Australia has had metrics for years. This is a complaint of a farmer after introductions.
“It is nearly twice as far into town”
“It takes four times more fuel”
“My property is only half as big”
“A kilo of anything only gives me half as much as a pound”
And so on…
I think the US general public, at the time of the first attempts at introduction, suspected that selling gas in smaller units would give the producers a chance to jack up the the price. Probable. We still list gas gallons at $X.XX and 9/10ths of a cent, in the hopes the consumer won’t be scared by that extra cent, and go across the street.
What’s amazing is how close we were came to going metric. In 1977 attending the University of Minnesota and Jimmy Carter as president, we were working with the Metric Headquarters in Waukegan, IL to lobby the congress to go full metric. I had come back from living in Canada who had come on line and we were the only hold out in the world.
The amazing thing is that we are mostly already metric. There is no ‘pint of blood’ any more, it’s measured in liters. A bottle of whiskey is 750 Ml, no longer a fifth. If your working on any car, leave your SAE wrenches at home. One of the holdouts though, is the Construction industry, where there is still a 4x8 sheet of plywood, 16p nails, etc. Imagine living in a base 10 world where all you have to do is move a decimal point. Yay!
Quite often the metric measurement is just a translation of the original imperial measure. We buy sheets of most things as 2440x1220, which is the mm equivalent of 8’x4’. 6’ is 1830mm and so on. These sizes aren’t actually correct but they are so close they worked with the change over and have become the norm.
I don’t understand 25 euros… but as another aside…it will take years to “pay off” the solar panels but with an electric car, rising utility rates and rising gas prices are not so daunting.
If I had to buy a new car, I would go for fully electric, but it still wouldn’t be perhaps the most economical decision. Finns drive a lot as we live far apart, but the price difference between an electric car and an old-fashioned one still buys gas for something like 5 years of average Finnish driving, and electricity isn’t free either.
My point is that the gas and utility prices keep rising whereas my loan payments–granted we have to pay interest-- for the solar panels don’t change. And a further point it’s hopefully a positive move for our carbon footprint. Someone just told me that half a car’s carbon footprint is in manufacture so don’t go junking your perfectly good gas powered car…And currently only the few can make such choices.
The prices haven’t been good for electric cars and there’s little movement by the manufacturers and politicians to really do anything in that direction.

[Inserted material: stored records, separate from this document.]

(* For the deterministic system described in the context, the recurrence time $\zeta_n$ is finite for all sufficiently large $n$ and \[ \lim_{n\to\infty}\frac{\zeta_n}{\log n}=\frac{\min\{1-\beta,\alpha\}}{\lambda_1}. \]
   Context: Fix constants $r_0,d_0\ge 0$ with $\lambda_0:=r_0-d_0<0$, $d_1>0$, $k>1$, $\alpha\in(0,1)$, $\beta\in(0,1)$. Let $f:[0,\infty)^2\to[0,\infty)$ satisfy: (A1) $f$ is Lipschitz continuous; (A2) $f(x,y)=r_1$ when $x+y=0$ and $f(x,y)=d_1$ when $x+y=1$, where $r_1:=f(0,0)>d_1$; (A3) $f(x,y)=\Phi(x+y)$ for some non-increasing function $\Phi:[0,\infty)\to[0,\infty)$; (A4) $f(x,y)\to0$ as $x\to\infty$ and as $y\to\infty$; (A5) $f(x,y)\ge \lambda_1(1-(x+y))+d_1$ for all $x,y\ge0$, where $\lambda_1:=r_1-d_1>0$. Put $\phi(x,y):=f(x,y)-d_1$. For each integer $n\ge1$ let $K=K(n):=kn$ and let $(y_0,y_1,y_\beta)$ solve \[ \dot y_0=\lambda_0 y_0,\qquad \dot y_1=\phi(y_0,y_1)\,y_1+n^{-\alpha}y_0,\qquad \dot y_\beta=\phi(y_0,y_1)\,y_\beta, \] with $(y_0(0),y_1(0),y_\beta(0))=(n/K,\,n^\beta/K,\,n^\beta/K)$. Define the deterministic recurrence time $\zeta_n:=\inf\{t>0: y_1(t)=n/K\}$. *)

From Stdlib Require Import Reals.
From Coquelicot Require Import Coquelicot.
Open Scope R_scope.

Definition lipschitz_on_quadrant (f : R -> R -> R) : Prop :=
  exists L : R, 0 <= L /\
    forall x y x' y', 0 <= x -> 0 <= y -> 0 <= x' -> 0 <= y' ->
      Rabs (f x y - f x' y') <= L * (Rabs (x - x') + Rabs (y - y')).
(* Consider the market and VCG mechanism described in the context, with the aggregate-dependence assumption. Fix a bidder $l\in L$ with true cost $c_l:\mathcal X_l\to\mathbb{R}_+$, and arbitrary fixed bids $\mathcal{C}_{-l}=\{c_j\}_{j\in L\setminus\{l\}}$ of the other bidders (not necessarily truthful); let $\mathcal{C}=(\mathcal{C}_{-l},c_l)$. Suppose bidder $l$ instead participates under a finite set $S$ of identities (disjoint from $L$) with bids $\mathcal{B}_S=\{b_k\}_{k\in S}$, $b_k:\hat{\mathcal X}_k\to\mathbb{R}_+$, $0\in\hat{\mathcal X}_k$, $b_k(0)=0$, where $\sum_{k\in S}\hat{\mathcal X}_k\subseteq\mathcal X_l$ (Minkowski sum). Let $\mathcal{B}=(\mathcal{C}_{-l},\mathcal{B}_S)$ be the resulting profile on the bidder set $L'=(L\setminus\{l\})\cup S$, and let $\gamma>0$ be a weak-supermodularity constant of the market objective on $L'$. Then bidder $l$'s total utility from shill bidding, $$U_{\mathrm{shill}}=\sum_{k\in S}p_k(\mathcal{B})-c_l\Big(\sum_{k\in S}x^*_k(\mathcal{B})\Big),$$ satisfies $$U_{\mathrm{shill}}\le u_l(\mathcal{C})+\big[\gamma^{-1}-1\big]\big[J(\mathcal{C}_{-l})-J(\mathcal{C}_{-l},\mathcal{B}_S)\big]\le u_l(\mathcal{C})+\big[\gamma^{-1}-1\big]\big[J(\mathcal{C}_{-l})-J(\mathcal{C}_{-l},\mathcal{B}^0_l)\big],$$ where $u_l(\mathcal{C})$ is bidder $l$'s VCG utility when bidding the single truthful bid $c_l$, $J(\mathcal{C}_{-l})$ is the objective with bidder $l$ removed, and $\mathcal{B}^0_l$ is the single bid $b_l(x_l)=0$ for all $x_l\in\mathcal X_l$.
   Context: Market model. For a finite bidder set $N$ and $t\ge1$ types of supply, bidder $j\in N$ submits a bid function $b_j:\hat{\mathcal X}_j\to\mathbb{R}_+$ with $0\in\hat{\mathcal X}_j\subseteq\mathbb{R}^t_+$, $b_j(0)=0$; a bid profile is $\mathcal{B}=\{b_j\}_{j\in N}$. Aggregate-dependence assumption (same supply types from different bidders are perfect substitutes): there are fixed functions $\bar d:\mathbb{R}^t_+\times\mathbb{R}^p\to\mathbb{R}$ and $\bar g:\mathbb{R}^t_+\times\mathbb{R}^p\to\mathbb{R}^q$, and for any bidder set the cost term and constraints are $d(x,y)=\bar d(\sum_j x_j,y)$, $g(x,y)=\bar g(\sum_j x_j,y)$. For $S\subseteq N$, $$J(\mathcal{B}_S)=\min\Big\{\sum_{j\in S}b_j(x_j)+d(x,y):\ x\in\textstyle\prod_{j\in N}\hat{\mathcal X}_j,\ y\in\mathbb{R}^p,\ g(x,y)\le0,\ x_j=0\ \forall j\notin S\Big\},$$ with value $+\infty$ if infeasible (minima assumed attained when finite). Write $J(\mathcal{B})=J(\mathcal{B}_N)$ and $J(\mathcal{B}_{-K})=J(\mathcal{B}_{N\setminus K})$. $(x^*(\mathcal{B}),y^*(\mathcal{B}))$ denotes the minimizer for $S=N$ chosen by a fixed tie-breaking rule. Standing assumption: for every profile considered, $J(\mathcal{B})<\infty$ and $J(\mathcal{B}_{-j})<\infty$ for every bidder $j$. VCG mechanism (Clarke pivot): $p_j(\mathcal{B})=b_j(x^*_j(\mathcal{B}))+J(\mathcal{B}_{-j})-J(\mathcal{B})$; the utility of a bidder $j$ with true cost $c_j$ is $u_j(\mathcal{B})=p_j(\mathcal{B})-c_j(x^*_j(\mathcal{B}))$. Weak-supermodularity constant on bidder set $N$: $\gamma>0$ such that for every bid profile $\mathcal{B}$ on $N$ and all $K,S\subseteq N$ with $J(\mathcal{B}_{S\setminus K})<\infty$, $$\gamma\sum_{j\in K}\big[J(\mathcal{B}_{S\setminus\{j\}})-J(\mathcal{B}_S)\big]\le J(\mathcal{B}_{S\setminus K})-J(\mathcal{B}_S).$$ (The largest such $\gamma$ is the supermodularity ratio $\gamma_{\sup}$; the objective is weakly supermodular if $\gamma_{\sup}>0$.) *)

From Stdlib Require Import Reals Lra List ClassicalEpsilon.
From Stdlib Require Vectors.Fin.
Import ListNotations.
Open Scope R_scope.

Agreed. I really wanted an electric car, but the entry to that technology is still at least 50-60% higher than the traditional combustion alternative. I just couldn’t do it.
Don’t feel bad, we Canadians still have problems with the metric system, especially our young people! I asked my teen daughter years ago how long was a decimeter … she did not know. 1 decimeter is equal to 10 cm or about 4". We Canadians have become experts at imperial/metric conversions in our heads. Metric was forced on us, we didn’t want it. Imperial was easy, an inch, that’s your thumb, foot, duh about a foot, yard, about a stride. Anyone could imagine these things. A meter, what the hell is a meter!
In our parts, a meter is considered to be about a stride long. A basic scout assignment is to calculate the actual length of your stride by counting the strides it takes you to walk a known distance.
“A meter, what the hell is a meter!”
I guess you did not detect the sarcasm in that statement.
Of course, I know how long a meter is, they have been pounding metric into our brains for many many years.
Love your videos! boring I guess, but think how cool it would be if everyone spoke the same language. Besides only a small few countries still use imperial, and costly mistakes could be avoided if we all used the same measurement system (Canadians still prefer imperial). Remember the Nasa Mars probe that crashed because someone made a mistake converting between imperial/metric. Millions of dollars down the drain.
The Romans thought that you should measure in paces, not strides.
A ‘mile’ is a thousand paces.
A pace is 2’6" x 2 - i.e. they come in ‘pairs [5’]
So a Roman ‘mile’ is about 1000 x 5’ - 5000’
which is about 1666… yards - so it’s not far off a current mile ? and that’s despite centuries of messing on in its exactitude.
One MAJOR difference is that a gram is a measure of MASS and a pound is a measure of FORCE. All the other measurements (length, volume, temperature, currency) are just different names for the same thing.
When I took physics, we always converted to metric, worked the problem, then converted back into imperial. Otherwise, we had to deal with the ludicrous G/Gc constant to make the units work out.
Makes no real difference at sea level on Earth, can make a big difference elsewhere in the universe.
It used to be. Currently all SI units are defined with the help of constants found in nature. If I got it right, mass was the latest addition and the iridium kilogram models became museum pieces.